[Stored data]
(* Let $\Omega$ be a locally compact metrisable space and $\{\mu_n\}_{n\in\mathbb{N}}\cup\{\mu\}\subset\mathcal{M}(\Omega)$. Then $\mu_n^+\to\mu^+$ vaguely and $\mu_n^-\to\mu^-$ vaguely if and only if $\mu_n\to\mu$ vaguely and $\limsup_{n\to\infty}|\mu_n|(K)\le|\mu|(K)$ for every compact set $K\subset\Omega$.
   Context: $\Omega$ carries its Borel $\sigma$-algebra. $\mathcal{M}(\Omega)$ denotes the set of finite signed Radon measures on $\Omega$: finite signed Borel measures $\mu$ with Hahn–Jordan decomposition $\mu=\mu^+-\mu^-$ whose variation $|\mu|=\mu^++\mu^-$ satisfies $|\mu|(A)=\sup\{|\mu|(K):K\subset A,\ K\text{ compact}\}$ for all Borel $A$. Vague convergence $\nu_n\to\nu$ means $\int f\,d\nu_n\to\int f\,d\nu$ for all continuous $f:\Omega\to\mathbb{R}$ with compact support. *)

From HB Require Import structures.
From mathcomp Require Import all_boot all_order all_algebra.
From mathcomp Require Import all_classical all_reals all_analysis.
Set Implicit Arguments. Unset Strict Implicit. Unset Printing Implicit Defensive.
Import Order.TTheory GRing.Theory Num.Theory.
Import numFieldNormedType.Exports.
Local Open Scope classical_set_scope.
Local Open Scope ring_scope.

Notation Borel T := (g_sigma_algebraType (@open T)).

Section signed_measures.
Context (R : realType) (T : ptopologicalType).
Local Notation X := (Borel T).

Definition hahn_P (nu : {charge set X -> \bar R}) : set X :=
  proj1_sig (cid (Hahn_decomposition nu)).
Definition hahn_N (nu : {charge set X -> \bar R}) : set X :=
  proj1_sig (cid (proj2_sig (cid (Hahn_decomposition nu)))).
Lemma hahn_PN (nu : {charge set X -> \bar R}) :
  hahn_decomposition nu (hahn_P nu) (hahn_N nu).
Proof. exact: (proj2_sig (cid (proj2_sig (cid (Hahn_decomposition nu))))). Qed.

Definition cpos (nu : {charge set X -> \bar R}) : {measure set X -> \bar R} :=
  jordan_pos (hahn_PN nu).
Definition cneg (nu : {charge set X -> \bar R}) : {measure set X -> \bar R} :=
  jordan_neg (hahn_PN nu).
Definition cvar (nu : {charge set X -> \bar R}) : set X -> \bar R :=
  charge_variation (hahn_PN nu).

Definition signed_radon (nu : {charge set X -> \bar R}) : Prop :=
  forall A : set X, measurable A ->
    cvar nu A = ereal_sup [set cvar nu K | K in [set K : set T | compact K /\ K `<=` A]].

Definition cintegral (nu : {charge set X -> \bar R}) (f : T -> R) : \bar R :=
  (\int[cpos nu]_x (f x)%:E - \int[cneg nu]_x (f x)%:E)%E.

Definition compact_support (f : T -> R) : Prop :=
  compact (closure [set x | f x != 0]).

Definition vague_cvg (nu_ : nat -> {measure set X -> \bar R})
    (nu : {measure set X -> \bar R}) : Prop :=
  forall f : T -> R, continuous f -> compact_support f ->
    (fun n => (\int[nu_ n]_x (f x)%:E)%E) @ \oo --> (\int[nu]_x (f x)%:E)%E.

Definition cvague_cvg (mu_ : nat -> {charge set X -> \bar R})
    (mu : {charge set X -> \bar R}) : Prop :=
  forall f : T -> R, continuous f -> compact_support f ->
    (fun n => cintegral (mu_ n) f) @ \oo --> cintegral mu f.

End signed_measures.

From HB Require Import structures.
From mathcomp Require Import all_boot all_order all_algebra.
From mathcomp Require Import all_classical all_reals all_analysis finmap.
From mathcomp Require Import ring lra.
Set Implicit Arguments. Unset Strict Implicit. Unset Printing Implicit Defensive.
Import Order.TTheory GRing.Theory Num.Theory.
Import numFieldNormedType.Exports.
Local Open Scope classical_set_scope.
Local Open Scope ring_scope.

(** Write p_n, q_n, p, q for the Jordan parts of mu_n and mu; a bump is an
    Urysohn function with compact support.

    (=>) mu_n = p_n - q_n converges vaguely to p - q. If m_n --> m vaguely and
    K is compact, outer regularity gives an open V around K with compact
    closure and m(cl V) <= m(K) + e, and a bump phi that is 1 on K and 0 off V
    gives m_n(K) <= int phi dm_n --> int phi dm <= m(K) + e; apply this to p
    and to q.

    (<=) p and q live on the disjoint Hahn sets, so inner regularity of |mu|
    yields disjoint compact sets C and D carrying all but e of p and of q. For
    g >= 0 with compact support, testing int . d(p_n - q_n) against g phi,
    with phi = 1 on C and 0 on D, gives liminf int g dp_n >= int g dp, and
    likewise for q. Write g = M psi - k with k >= 0 and a bump psi that is 1
    on the support of g and 0 off some V with p(cl V), q(cl V) close to the
    masses of that support; the mass condition on cl V and the lower bounds
    for k then give limsup int g d(p_n + q_n) <= int g d(p + q), so all the
    inequalities are equalities. Only the limit mu needs to be Radon. *)

Lemma relatively_compact_open_superset (T : ptopologicalType)
  (hT : hausdorff_space T) (lcT : locally_compact [set: T]) (K : set T) :
  compact K -> exists V : set T, [/\ open V, K `<=` V & compact (closure V)].
Proof.
move=> cK.
have nbhs_cpt (x : T) : exists U : set T, nbhs x U /\ compact U.
  by have [U + [cU _]] := lcT x I; rewrite withinET => Ux; exists U.
pose U x := proj1_sig (cid (nbhs_cpt x)).
have UP (x : T) : nbhs x (U x) /\ compact (U x) := proj2_sig (cid (nbhs_cpt x)).
have : cover_compact K by rewrite -compact_cover.
case/(_ T K (interior \o U)) => [i _|x Kx|D _ KD]; first exact: open_interior.
  by exists x => //; exact: (UP x).1.
exists (cover [set` D] (interior \o U)); split => //.
  by apply: bigcup_open => i _; exact: open_interior.
have cUD : compact (cover [set` D] U).
  by rewrite /cover bigcup_fset; apply: bigsetU_compact => i _; exact: (UP i).2.
apply: (subclosed_compact _ cUD); first exact: closed_closure.
rewrite [X in _ `<=` X](closure_id _).1; last exact: compact_closed.
by apply: closureS => y [i Di /interior_subset Uy]; exists i.
Qed.

Lemma pseudometric_urysohn (R : realType) (T : pseudoMetricType R) (A B : set T) :
  closed A -> closed B -> A `&` B = set0 ->
  exists f : T -> R, [/\ continuous f, (forall x, 0 <= f x <= 1),
     (forall x, A x -> f x = 1) & (forall x, B x -> f x = 0)].
Proof.
move=> cA cB AB.
have : uniform_separator B A.
  by apply: (proj1 (@normal_separatorP R T) pseudometric_normal) => //; rewrite setIC.
move=> /(@uniform_separatorP _ R) [f [cf f01 fB fA]].
exists f; split => // x.
- by have /f01 : range f (f x) by exists x.
- by move=> Ax; apply: fA; exists x.
- by move=> Bx; apply: fB; exists x.
Qed.
(* Let $p>2$, $\mathcal{C}=\{x\in\mathbb{R}^m:\|x\|_p\leq1\}$, and let $f:\mathbb{R}^m\to\mathbb{R}$ be convex and $L$-smooth (its gradient is $L$-Lipschitz). Assume there is $c>0$ with $\inf_{x\in\mathcal{C}}\|\nabla f(x)\|>c$, and assume the minimizer $x^*$ of $f$ over $\mathcal{C}$ has all coordinates (in the canonical basis) nonzero. Then the Frank-Wolfe algorithm, run with either exact line-search or short steps, converges linearly: there exist $K>0$ and $\rho\in(0,1)$ such that $f(x_t)-f(x^* )\leq K\rho^t$ for all $t\geq0$.
   Context: The Frank-Wolfe algorithm on $\mathcal{C}$ starts from $x_0\in\mathcal{C}$ and iterates $v_t\in\arg\min_{v\in\mathcal{C}}\langle\nabla f(x_t),v\rangle$, $x_{t+1}=x_t+\gamma_t(v_t-x_t)$, where with exact line-search $\gamma_t\in\arg\min_{\gamma\in[0,1]}f(x_t+\gamma(v_t-x_t))$, and with short steps $\gamma_t=\min\{1,\langle\nabla f(x_t),x_t-v_t\rangle/(L\|v_t-x_t\|^2)\}$ (with $\|\cdot\|$ the norm with respect to which $f$ is $L$-smooth). *)

From HB Require Import structures.
From mathcomp Require Import all_boot all_order all_algebra.
From mathcomp Require Import all_classical all_reals all_analysis.
Set Implicit Arguments. Unset Strict Implicit. Unset Printing Implicit Defensive.
Import Order.TTheory GRing.Theory Num.Theory.
Import numFieldNormedType.Exports.
Local Open Scope ring_scope.

Section FW.
Variables (R : realType) (m : nat).
Implicit Types (x y u v : 'rV[R]_m).

Definition dotp u v : R := \sum_(i < m) u ord0 i * v ord0 i.
(* Under the hypotheses of the preceding statement ($\mu$-weakly convex $f$ with $\alpha$-sharp minimum on closed convex $Q$, initial point with $\min_{x_*\in X_*}\|x^0-x_*\|_2\le\alpha\gamma/\mu$ for some $\gamma\in(0,1)$, projected subgradient method with Polyak step $h_k=(f(x^k)-f^* )/\|\nabla f(x^k)\|_2^2$, iterates $x^0,\dots,x^k\notin X_*$), assume in addition that $f$ is $M$-Lipschitz. Then $$\min_{x_*\in X_*}\|x^{k+1}-x_*\|_2^2\le\Bigl(1-\frac{\alpha^2(1-\gamma)}{M^2}\Bigr)^{k+1}\min_{x_*\in X_*}\|x^0-x_*\|_2^2.$$
   Context: $f$ is $\mu$-weakly convex if $x\mapsto f(x)+\frac{\mu}{2}\|x\|_2^2$ is convex; subgradients are taken in the sense $f(y)\ge f(x)+\langle v,y-x\rangle+o(\|y-x\|_2)$. $X_*$ is the set of minimizers of $f$ on $Q$, $f^*=\min_Q f$, $\operatorname{Pr}_Q$ the Euclidean projection. *)

From mathcomp Require Import all_boot all_order all_algebra.
From mathcomp Require Import boolp classical_sets reals.
Set Implicit Arguments. Unset Strict Implicit. Unset Printing Implicit Defensive.
Import Order.TTheory GRing.Theory Num.Theory.
Local Open Scope ring_scope.
Local Open Scope classical_set_scope.

Section Euclid.
Variables (R : realType) (n : nat).
Local Notation V := 'rV[R]_n.

Definition dotp (u v : V) : R := \sum_(i < n) u ord0 i * v ord0 i.
Definition enorm (u : V) : R := Num.sqrt (dotp u u).

Definition edist (x : V) (A : set V) : R := inf [set enorm (x - y) | y in A].

Definition convex_set (Q : set V) : Prop :=
  forall x y (t : R), Q x -> Q y -> 0 <= t <= 1 -> Q (t *: x + (1 - t) *: y).

Definition closed_set (Q : set V) : Prop :=
  forall x, (forall e : R, 0 < e -> exists2 y, Q y & enorm (x - y) < e) -> Q x.

Definition convex_fun (g : V -> R) : Prop :=
  forall x y (t : R), 0 <= t <= 1 ->
    g (t *: x + (1 - t) *: y) <= t * g x + (1 - t) * g y.

Definition weakly_convex (mu : R) (f : V -> R) : Prop :=
  convex_fun (fun x => f x + mu / 2 * enorm x ^+ 2).

(* v is a subgradient of f at x:
   f y >= f x + <v, y - x> + o(||y - x||) *)
Definition subgradient (f : V -> R) (x v : V) : Prop :=
  forall e : R, 0 < e -> exists2 d : R, 0 < d & forall y,
    enorm (y - x) < d -> f x + dotp v (y - x) - e * enorm (y - x) <= f y.
(* The VC-density of the edge relation on the class $\mathcal H$ of all Hamming graphs is $2$.
   Context: For $d,q\in\mathbb N$ and a set $S$ with $|S|=q$, the Hamming graph $H(d,q)$ has vertex set $S^d$, two vertices adjacent iff they agree in all but exactly one coordinate; $\mathcal H=\{H(d,q)\mid d,q\in\mathbb N\}$. For a graph $G$, the edge relation set system is $(V(G),\mathcal S_G)$ with $\mathcal S_G=\{N(v)\mid v\in V(G)\}$ ($N(v)$ the set of neighbours of $v$). Its shatter function is $\pi_G(n)=\max\{|\{S\cap A\mid S\in\mathcal S_G\}| : A\subseteq V(G), |A|=n\}$. For a class $\mathcal C$ of graphs, $\pi_{\mathcal C}(n)=\max\{\pi_G(n)\mid G\in\mathcal C\}$, the VC-dimension of the edge relation on $\mathcal C$ is the supremum over $G\in\mathcal C$ of the largest size of a set $A$ with $\{A\cap S\mid S\in\mathcal S_G\}=\mathcal P(A)$, and the VC-density of the edge relation on $\mathcal C$ is $\inf\{r\in\mathbb R^+ : \pi_{\mathcal C}(n)\in\mathcal O(n^r)\}$ if that VC-dimension is finite, and $\infty$ otherwise. *)

From HB Require Import structures.
From mathcomp Require Import all_boot all_order all_algebra.
From mathcomp Require Import boolp classical_sets reals ereal exp.
Set Implicit Arguments. Unset Strict Implicit. Unset Printing Implicit Defensive.
Import Order.TTheory GRing.Theory Num.Theory.

Definition hvert (d q : nat) := {ffun 'I_d -> 'I_q}.

Definition hadj (d q : nat) (x y : hvert d q) : bool :=
  #|[set i | x i != y i]| == 1%N.

Definition hnbhd (d q : nat) (v : hvert d q) : {set hvert d q} :=
  [set y | hadj v y].

Definition htraces (d q : nat) (A : {set hvert d q}) : {set {set hvert d q}} :=
  [set hnbhd v :&: A | v : hvert d q].

(* shatter function pi_G(n) of the edge relation set system of H(d,q)
   (0 if there is no n-element vertex set) *)
Definition hshatter (d q n : nat) : nat :=
  \max_(A : {set hvert d q} | #|A| == n) #|htraces A|.

Local Open Scope classical_set_scope.
Local Open Scope ring_scope.

(* pi_H(n) = max over all Hamming graphs (a supremum of a set of naturals
   bounded by 2^n) *)
Definition shatterH (R : realType) (n : nat) : R :=
  sup [set x : R | exists d q : nat, x = (hshatter d q n)%:R].

Definition vcdimH_finite : Prop :=
  exists k : nat, forall (d q : nat) (A : {set hvert d q}),
    htraces A = powerset A -> (#|A| <= k)%N.

Definition shatterH_bigO (R : realType) (r : R) : Prop :=
  exists (C : R) (N : nat), forall n : nat, (N <= n)%N ->
    shatterH R n <= C * (n%:R `^ r).

Definition vcdensityH (R : realType) : \bar R :=
  if `[< vcdimH_finite >] then
    (inf [set r : R | 0 < r /\ shatterH_bigO r])%:E
  else +oo%E.

From mathcomp Require Import boolp classical_sets reals ereal exp.
(* Imported after classical_sets, so that [set0] is the empty finite set. *)
From mathcomp Require Import all_boot all_order all_algebra.
From mathcomp Require Import zify lra.
Set Implicit Arguments. Unset Strict Implicit. Unset Printing Implicit Defensive.
Import Order.TTheory GRing.Theory Num.Theory.
Local Close Scope classical_set_scope.
Local Open Scope set_scope.

(* A nonempty trace N(v) :&: A is pinned down by at most two of its points.
   If two points a, b of the trace differ from v in distinct coordinates, then
   v is one of the two common neighbours of a and b.  Otherwise the whole trace
   lies on one line through v, so it is the intersection of A with the line
   spanned by two of its points, or, when v is in A, the intersection of A with
   the line through v and a point of the trace, v removed.  Hence
   pi(n) <= 1 + 3 n^2, which also makes the VC-dimension finite.  Conversely,
   in H(2, m+1) the 2m points of the two punctured axes through the origin have
   m^2 distinct traces, one for each vertex off the axes; so pi(2m) >= m^2 and
   no exponent below 2 works. *)

Lemma leq_imset2_card (aT1 aT2 rT : finType) (f : aT1 -> aT2 -> rT)
    (A1 : {set aT1}) (A2 : {set aT2}) :
  #|[set f x y | x in A1, y in A2]| <= #|A1| * #|A2|.
Proof. by rewrite curry_imset2X -cardsX leq_imset_card. Qed.

Section HammingTraces.
Variables d q : nat.
Implicit Types (v x y z a b : hvert d q) (A : {set hvert d q}).

Definition hdiff x y : {set 'I_d} := [set i | x i != y i].

Lemma hdiffC x y : hdiff x y = hdiff y x.
Proof. by apply/setP=> i; rewrite !inE eq_sym. Qed.

Lemma hdiff_eq0 x y : (hdiff x y == set0) = (x == y).
Proof.
apply/eqP/eqP=> [e | ->]; last by apply/setP=> i; rewrite !inE eqxx.
apply/ffunP=> i; have : i \notin hdiff x y by rewrite e in_set0.
by rewrite inE negbK => /eqP.
Qed.

Lemma hdiff_triangle x y z : hdiff x z \subset hdiff x y :|: hdiff y z.
Proof.
apply/subsetP=> i; rewrite !inE; apply: contraR.
by rewrite negb_or !negbK => /andP[/eqP-> /eqP->].
Qed.

Lemma hdiff_subset_trans x y z (S : {set 'I_d}) : hdiff x y \subset S ->
  (hdiff x z \subset S) = (hdiff y z \subset S).
Proof.
move=> sxy; apply/idP/idP => sz.
  by apply: subset_trans (hdiff_triangle y x z) _; rewrite subUset hdiffC sxy sz.
by apply: subset_trans (hdiff_triangle x y z) _; rewrite subUset sxy sz.
Qed.

Lemma hdiff_eq1 x y k :
  (hdiff x y == [set k]) = (x != y) && (hdiff x y \subset [set k]).
Proof.
rewrite subset1 -hdiff_eq0.
case: (hdiff x y =P set0) => [-> | _]; last by rewrite orbF.
by apply/negbTE/eqP => /setP/(_ k); rewrite in_set0 set11.
Qed.

Lemma hdiff1P x y k :
  hdiff x y = [set k] <-> forall i, (x i == y i) = (i != k).
Proof.
split=> [e i | h]; last by apply/setP=> i; rewrite !inE h negbK.
by have := in_set1 i k; rewrite -e inE => <-; rewrite negbK.
Qed.

Lemma hadjP x y : reflect (exists k, hdiff x y = [set k]) (hadj x y).
Proof. exact: cards1P. Qed.

Definition hspan a b : {set hvert d q} := [set y | hdiff a y \subset hdiff a b].

Lemma hspan_id a : hspan a a = [set a].
Proof.
have a0 : hdiff a a = set0 by apply/eqP; rewrite hdiff_eq0.
by apply/setP=> y; rewrite !inE a0 subset0 hdiff_eq0 eq_sym.
Qed.

(* When [a] and [b] differ exactly at [k < k'], their two common neighbours
   are [hcorner a b], which takes [b]'s value at [k] and [a]'s elsewhere, and
   [hcorner b a]. *)
Definition hcorner a b : hvert d q :=
  [ffun i : 'I_d =>
     if [forall j : 'I_d, (j < i) ==> (a j == b j)] then b i else a i].

Lemma common_neighbour_hcorner v a b k k' :
  hdiff v a = [set k] -> hdiff v b = [set k'] -> k < k' -> v = hcorner a b.
Proof.
move=> /hdiff1P va /hdiff1P vb kk'.
have prefix i : [forall j : 'I_d, (j < i) ==> (a j == b j)] = (i <= k).
  apply/forallP/idP => [h | ik j].
    rewrite leqNgt; apply/negP => ki; move/implyP: (h k) => /(_ ki).
    have /eqP <- : v k == b k by rewrite vb -val_eqE ltn_eqF.
    by rewrite eq_sym va eqxx.
  apply/implyP=> ji; have jk : j < k := leq_trans ji ik.
  have /eqP <- : v j == a j by rewrite va -val_eqE ltn_eqF.
  have /eqP <- : v j == b j by rewrite vb -val_eqE ltn_eqF // (ltn_trans jk).
  exact: eqxx.
apply/ffunP=> i; rewrite ffunE prefix; apply/eqP.
case: leqP => [ik | ki]; last by rewrite va -val_eqE gtn_eqF.
by rewrite vb -val_eqE ltn_eqF // (leq_ltn_trans ik kk').
Qed.

Lemma hspan_line v a b k :
  hdiff v a = [set k] -> hdiff v b = [set k] -> a != b ->
  hspan a b = [set y | hdiff v y \subset [set k]].
Proof.
move=> va vb ab; have sva : hdiff v a \subset [set k] by rewrite va.
rewrite /hspan; have -> : hdiff a b = [set k].
  by apply/eqP; rewrite hdiff_eq1 ab -(hdiff_subset_trans _ sva) vb subxx.
by apply/setP=> y; rewrite !inE (hdiff_subset_trans _ sva).
Qed.

Lemma corner_trace v a b A :
  a \in hnbhd v :&: A -> b \in hnbhd v :&: A -> hdiff v a != hdiff v b ->
  hnbhd v :&: A \in [set hnbhd (hcorner x y) :&: A | x in A, y in A].
Proof.
rewrite !inE => /andP[/hadjP[k va] aA] /andP[/hadjP[k' vb] bA].
rewrite va vb; case: (ltngtP k k') => [kk' _ | k'k _ | /val_inj-> ].
- by rewrite (common_neighbour_hcorner va vb kk'); apply/imset2P; exists a b.
- by rewrite (common_neighbour_hcorner vb va k'k); apply/imset2P; exists b a.
- by rewrite eqxx.
Qed.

PROBLEM TO SOLVE:
Copy out only the lines of the records above from the one with "have : uniform_separator B A." through the one with "- by move=> Ax; apply: fA; exists x.", exactly as they stand, both included.

RESULT OF THE TASK:
have : uniform_separator B A.
  by apply: (proj1 (@normal_separatorP R T) pseudometric_normal) => //; rewrite setIC.
move=> /(@uniform_separatorP _ R) [f [cf f01 fB fA]].
exists f; split => // x.
- by have /f01 : range f (f x) by exists x.
- by move=> Ax; apply: fA; exists x.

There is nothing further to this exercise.